Take the lines below between the one holding "T) : interp" and the one holding "fst (teval e t1)", inclusive, and copy them exactly. Add nothing.
::: EXTRACTED MATERIAL :::
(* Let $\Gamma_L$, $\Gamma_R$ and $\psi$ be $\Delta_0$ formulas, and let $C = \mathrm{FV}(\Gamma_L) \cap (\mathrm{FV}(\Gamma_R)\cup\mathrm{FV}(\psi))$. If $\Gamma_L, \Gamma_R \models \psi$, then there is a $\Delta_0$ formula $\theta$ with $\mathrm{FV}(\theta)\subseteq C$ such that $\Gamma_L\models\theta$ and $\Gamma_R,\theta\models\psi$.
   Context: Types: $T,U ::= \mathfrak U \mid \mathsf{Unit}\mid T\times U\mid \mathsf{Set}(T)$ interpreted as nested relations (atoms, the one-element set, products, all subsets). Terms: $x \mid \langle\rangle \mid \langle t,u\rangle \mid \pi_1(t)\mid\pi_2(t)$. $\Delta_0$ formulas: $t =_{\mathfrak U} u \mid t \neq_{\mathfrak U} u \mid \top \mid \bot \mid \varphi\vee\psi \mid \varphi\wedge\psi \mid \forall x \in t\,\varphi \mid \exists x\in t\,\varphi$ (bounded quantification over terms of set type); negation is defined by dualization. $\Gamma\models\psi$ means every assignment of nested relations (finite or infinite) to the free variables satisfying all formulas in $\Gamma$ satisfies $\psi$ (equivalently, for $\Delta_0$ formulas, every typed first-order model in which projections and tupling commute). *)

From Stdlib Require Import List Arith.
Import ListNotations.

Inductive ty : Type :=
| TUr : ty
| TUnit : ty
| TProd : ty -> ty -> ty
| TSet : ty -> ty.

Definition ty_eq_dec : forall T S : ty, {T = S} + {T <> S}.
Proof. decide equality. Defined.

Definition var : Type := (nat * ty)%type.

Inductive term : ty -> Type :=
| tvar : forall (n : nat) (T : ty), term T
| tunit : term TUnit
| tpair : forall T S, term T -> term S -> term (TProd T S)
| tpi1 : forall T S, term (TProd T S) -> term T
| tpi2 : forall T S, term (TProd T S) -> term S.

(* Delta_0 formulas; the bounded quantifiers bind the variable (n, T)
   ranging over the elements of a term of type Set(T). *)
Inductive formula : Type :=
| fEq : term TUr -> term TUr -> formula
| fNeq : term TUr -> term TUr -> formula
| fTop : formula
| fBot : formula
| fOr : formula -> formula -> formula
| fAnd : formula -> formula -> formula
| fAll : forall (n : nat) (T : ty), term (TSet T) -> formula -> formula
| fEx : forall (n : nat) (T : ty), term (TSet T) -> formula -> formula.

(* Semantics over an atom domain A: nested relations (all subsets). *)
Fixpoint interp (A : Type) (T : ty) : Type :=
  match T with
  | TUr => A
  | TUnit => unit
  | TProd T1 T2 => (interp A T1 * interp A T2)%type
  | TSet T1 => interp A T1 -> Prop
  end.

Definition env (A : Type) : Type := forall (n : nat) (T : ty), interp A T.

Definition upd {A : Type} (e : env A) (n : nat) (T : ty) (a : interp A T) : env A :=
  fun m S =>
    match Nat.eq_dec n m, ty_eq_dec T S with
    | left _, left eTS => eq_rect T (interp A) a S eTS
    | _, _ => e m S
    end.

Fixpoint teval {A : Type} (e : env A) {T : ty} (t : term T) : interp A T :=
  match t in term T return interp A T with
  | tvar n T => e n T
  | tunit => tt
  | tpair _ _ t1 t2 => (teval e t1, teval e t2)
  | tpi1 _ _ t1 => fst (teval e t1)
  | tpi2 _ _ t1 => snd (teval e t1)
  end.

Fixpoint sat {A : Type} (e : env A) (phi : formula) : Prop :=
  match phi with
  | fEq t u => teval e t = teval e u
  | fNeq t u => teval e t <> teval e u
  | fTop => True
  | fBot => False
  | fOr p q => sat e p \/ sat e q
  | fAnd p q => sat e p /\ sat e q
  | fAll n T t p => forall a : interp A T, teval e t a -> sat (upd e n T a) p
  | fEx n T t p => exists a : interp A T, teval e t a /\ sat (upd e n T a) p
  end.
:::
TASK OUTPUT:
Fixpoint teval {A : Type} (e : env A) {T : ty} (t : term T) : interp A T :=
  match t in term T return interp A T with
  | tvar n T => e n T
  | tunit => tt
  | tpair _ _ t1 t2 => (teval e t1, teval e t2)
  | tpi1 _ _ t1 => fst (teval e t1)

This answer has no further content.